On Jun. 6, the '2025 Economic Joint Academic Conference' takes place at Hannam University in DAEDUCK District, Daejeon. The theme of Special Session II led by the Korea Development Institute (KDI) is 'The Long-term and Short-term Changes in Our Country's liability and Policy Direction.' /Courtesy of Lee Joo-hyung.

A study has emerged indicating that the government's household liability policy should focus on managing individual borrowers' soundness without imposing a limit on total liabilities. This is due to the significant impact that demographic changes, such as increasing life expectancy, have on the rising household liability in South Korea.

Researcher Kim Mi-ru of the Korea Development Institute (KDI) presented this argument during a session titled "The Impact of Demographic Changes on Household Liabilities and Implications" at the special session II of the 2025 Joint Economic Conference held at Hannam University in Daeduck on the morning of the 6th.

Kim noted, "As life expectancy increases, the motivation for households to accumulate financial and dwelling assets strengthens," adding, "This results in lower real interest rates and rising real estate prices, which leads to increased household liabilities."

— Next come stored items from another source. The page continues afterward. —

(* Let $\sigma>0$ and $V,\gamma,\varepsilon>0$ satisfy $\sqrt{\frac{1+\sigma}{\sigma}}<\frac{V+\gamma\varepsilon}{\sqrt\sigma}<\zeta_\sigma$. Let $n_s:=\frac{V+\gamma\varepsilon}{\sqrt\sigma}$ and \[ g(n):=\frac{(V+\gamma\varepsilon)^2}{n}+\sigma n+e^{H(n)},\qquad H(n):=\frac{(V+\gamma\varepsilon)^2}{2}\Big(1-\frac1{n^2}\Big)-\sigma\ln n\quad(n>0). \] Then $g(1)>g(n_s)$.
   Context: $\zeta_\sigma$ denotes the unique root $z>1$ of $z^{\sigma}[\sigma(z-1)^2+1]=\exp(\tfrac{\sigma}{2}(z^2-1))$ on $(1,\infty)$. *)

From Stdlib Require Import Reals.
Open Scope R_scope.

Definition zeta_eq (sigma z : R) : Prop :=
  Rpower z sigma * (sigma * (z - 1) ^ 2 + 1) = exp (sigma / 2 * (z ^ 2 - 1)).

Definition is_zeta (sigma zeta : R) : Prop :=
  1 < zeta /\ zeta_eq sigma zeta /\ (forall z, 1 < z -> zeta_eq sigma z -> z = zeta).

(* H(n) and g(n), with a = V + gamma*epsilon *)
Definition Hfun (sigma a n : R) : R :=
  a ^ 2 / 2 * (1 - 1 / n ^ 2) - sigma * ln n.

Definition gfun (sigma a n : R) : R :=
  a ^ 2 / n + sigma * n + exp (Hfun sigma a n).

(* With a = sqrt(sigma) n_s, one gets g(1) - g(n_s) = (sigma (n_s-1)^2 + 1)(1 - exp(-F(n_s)))
   where F(z) = sigma ln z + ln(sigma (z-1)^2 + 1) - sigma/2 (z^2 - 1) is the logarithm of the
   ratio of the two sides of the equation defining zeta_sigma. So it suffices that F(n_s) > 0.
   Now F(zeta_sigma) = 0, and F' has the sign of 1 - sigma (z^2 - 1), which is negative beyond
   sqrt((1+sigma)/sigma); hence F decreases on [n_s, zeta_sigma] and F(n_s) > 0. *)
From Stdlib Require Import Reals Lra.
From Coquelicot Require Import Coquelicot.
Open Scope R_scope.

Definition zeta_log_gap (s z : R) : R :=
  s * ln z + ln (s * (z - 1) ^ 2 + 1) - s / 2 * (z ^ 2 - 1).

Definition zeta_log_gap' (s z : R) : R :=
  s * (z - 1) ^ 2 * (1 - s * (z ^ 2 - 1)) / (z * (s * (z - 1) ^ 2 + 1)).

Lemma shifted_square_pos (s z : R) : 0 <= s -> 0 < s * (z - 1) ^ 2 + 1.
Proof. intros Hs; pose proof (pow2_ge_0 (z - 1)); nra. Qed.

Lemma zeta_log_gap_root (s z : R) :
  0 <= s -> zeta_eq s z -> zeta_log_gap s z = 0.
Proof.
  intros Hs Heq; unfold zeta_eq, Rpower in Heq; unfold zeta_log_gap.
  apply (f_equal ln) in Heq.
  rewrite ln_mult, !ln_exp in Heq;
    [lra | apply exp_pos | apply shifted_square_pos; exact Hs].
Qed.

Lemma zeta_log_gap_derive (s z : R) :
  0 < s -> 0 < z -> derivable_pt_lim (zeta_log_gap s) z (zeta_log_gap' s z).
Proof.
  intros Hs Hz; apply is_derive_Reals; unfold zeta_log_gap, zeta_log_gap'.
  pose proof (shifted_square_pos s z ltac:(lra)).
  auto_derive.
  - repeat split; try lra; ring_simplify; nra.
  - field; lra.
Qed.

Lemma zeta_log_gap'_neg (s z : R) :
  0 < s -> 1 < z -> 1 < s * (z ^ 2 - 1) -> zeta_log_gap' s z < 0.
Proof.
  intros Hs Hz Hsz; unfold zeta_log_gap'.
  pose proof (shifted_square_pos s z ltac:(lra)).
  assert (0 < s * (z - 1) ^ 2) by (apply Rmult_lt_0_compat; [lra | apply pow_lt; lra]).
  apply Rdiv_neg_pos; nra.
Qed.

Lemma zeta_log_gap_decreasing (s x y : R) :
  0 < s -> 1 < x < y -> 1 < s * (x ^ 2 - 1) -> zeta_log_gap s y < zeta_log_gap s x.
Proof.
  intros Hs [Hx Hxy] Hsx.
  destruct (MVT_cor2 (zeta_log_gap s) (zeta_log_gap' s) x y Hxy) as [c [Hmvt Hc]].
  { intros c Hc; apply zeta_log_gap_derive; lra. }
  assert (Hneg : zeta_log_gap' s c < 0).
  { assert (x ^ 2 < c ^ 2) by nra.
    apply zeta_log_gap'_neg; [lra | lra | nra]. }
  nra.
Qed.

Lemma Hfun_eq_log_gap (s a n : R) :
  0 < s -> 0 < n -> a ^ 2 = s * n ^ 2 ->
  Hfun s a n = ln (s * (n - 1) ^ 2 + 1) - zeta_log_gap s n.
Proof.
  intros Hs Hn Ha; unfold Hfun, zeta_log_gap; rewrite Ha; field; lra.
Qed.

Lemma gfun_1_sub_gfun_eq (s a n : R) :
  0 < s -> 0 < n -> a ^ 2 = s * n ^ 2 ->
  gfun s a 1 - gfun s a n = (s * (n - 1) ^ 2 + 1) * (1 - exp (- zeta_log_gap s n)).
Proof.
  intros Hs Hn Ha; pose proof (shifted_square_pos s n ltac:(lra)).
  assert (Hexp : exp (Hfun s a n) = (s * (n - 1) ^ 2 + 1) * exp (- zeta_log_gap s n)).
  { rewrite (Hfun_eq_log_gap s a n), <- exp_ln with (s * (n - 1) ^ 2 + 1), <- exp_plus
      by lra.
    rewrite ln_exp; f_equal; ring. }
  assert (Hfun1 : Hfun s a 1 = 0) by (unfold Hfun; rewrite ln_1; field).
  unfold gfun; rewrite Hexp, Hfun1, exp_0, Ha; field; lra.
Qed.

Lemma threshold_of_sqrt_lt (s n : R) :
  0 < s -> sqrt ((1 + s) / s) < n -> 1 < s * (n ^ 2 - 1) /\ 1 < n.
Proof.
  intros Hs Hn.
  assert (Hq : 0 <= (1 + s) / s) by (apply Rlt_le, Rdiv_lt_0_compat; lra).
  pose proof (sqrt_pos ((1 + s) / s)).
  assert (Hsq : (1 + s) / s < n ^ 2) by (rewrite <- (sqrt_sqrt _ Hq); nra).
  assert (Hth : 1 < s * (n ^ 2 - 1)).
  { apply (Rmult_lt_compat_l s) in Hsq; [|lra].
    replace (s * ((1 + s) / s)) with (1 + s) in Hsq by (field; lra); lra. }
  split; [exact Hth |].
  assert (1 < n ^ 2) by nra.
  nra.
Qed.

Lemma sq_div_sqrt (s a : R) : 0 < s -> a ^ 2 = s * (a / sqrt s) ^ 2.
Proof.
  intros Hs; pose proof (sqrt_lt_R0 s Hs).
  rewrite <- (pow2_sqrt s) at 1 by lra; field; lra.
Qed.

Theorem lemma2p1 (sigma V gamma eps zeta : R) :
  0 < sigma -> 0 < V -> 0 < gamma -> 0 < eps ->
  is_zeta sigma zeta ->
  sqrt ((1 + sigma) / sigma) < (V + gamma * eps) / sqrt sigma ->
  (V + gamma * eps) / sqrt sigma < zeta ->
  gfun sigma (V + gamma * eps) 1 >
    gfun sigma (V + gamma * eps) ((V + gamma * eps) / sqrt sigma).
Proof.
  intros Hs _ _ _ [Hz1 [Hzeq _]] Hlow Hup.
  set (a := V + gamma * eps) in *; set (n := a / sqrt sigma) in *.
  destruct (threshold_of_sqrt_lt sigma n Hs Hlow) as [Hth Hn1].
  assert (Hgap : 0 < zeta_log_gap sigma n).
  { rewrite <- (zeta_log_gap_root sigma zeta ltac:(lra) Hzeq).
    apply zeta_log_gap_decreasing; lra. }
  assert (Hexp : exp (- zeta_log_gap sigma n) < 1).
  { rewrite <- exp_0; apply exp_increasing; lra. }
  apply Rminus_gt_0_lt.
  rewrite (gfun_1_sub_gfun_eq sigma a n Hs ltac:(lra) (sq_div_sqrt sigma a Hs)).
  apply Rmult_lt_0_compat; [apply shifted_square_pos | ]; lra.
Qed.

The impact of increasing life expectancy in Korea on household debt in relation to Gross Domestic Product (GDP). /Courtesy of Korea Development Institute (KDI).

If life expectancy increases by three years, real estate assets are projected to rise by 0.61%, while household liabilities in relation to GDP are expected to increase by 24.99%, according to Kim's analysis.

He explained that "When life expectancy increases without significant changes in retirement age, the demand for asset accumulation for retirement preparation rises due to a longer survival period after retirement," stressing that "generally, households want to maintain a certain consumption level over their lifetime based on expected lifetime income."

He further stated, "This creates an environment where economic entities seeking to borrow funds can do so more easily than before" and explained that "lower real interest rates could lead to increased corporate liabilities or rising net external financial assets."

Regarding the factors for lower real interest rates and increased corporate liabilities, Kim explained, "When life expectancy increases, those aged 45 and above accumulate assets focused on financial assets, while those under 45 accumulate assets focused on dwellings, leading to an increase in net worth for all entities while also increasing liabilities."

However, he predicted that as low birth rates and aging continue to decrease the ratio of the younger generation to the retired elderly, household liabilities relative to GDP would gradually decline.

Kim asserted, "As retired elderly individuals consume their accumulated assets to maintain their living standards, the overall capital stock increase of the economy will slow down," adding, "Additionally, the number of younger individuals acquiring real estate through borrowing will also decrease, contributing to a reduction in household liabilities."

Based on these research findings, Kim emphasized, "The government's household liability management policy targeted at total management may exacerbate resource allocation distortions within the economy" and predicted that household liability levels will naturally decrease over the medium to long term due to demographic changes.

He further stated, "It is necessary to manage household liabilities with a focus on individual borrower soundness" and suggested that "debts should be managed primarily based on the debt service ratio (DSR) of individual borrowers, but when calculating the DSR, current and future income trends should also be considered and reflected in stress DSR regulations." He added, "Therefore, when calculating the stress DSR, it is important to properly reflect the expected duration of future economic activities and income forecasts."

Kim also mentioned, "Policies other than financial policies can also influence household liability trends" and noted that "increased labor market participation of the elderly due to rising retirement ages will help reduce household liabilities by decreasing the motivation for households to accumulate assets."

He emphasized, "Factors such as a decrease in real estate prices through easing metropolitan area concentration and resolving asset imbalances through enhanced social mobility could also contribute to reducing household liabilities."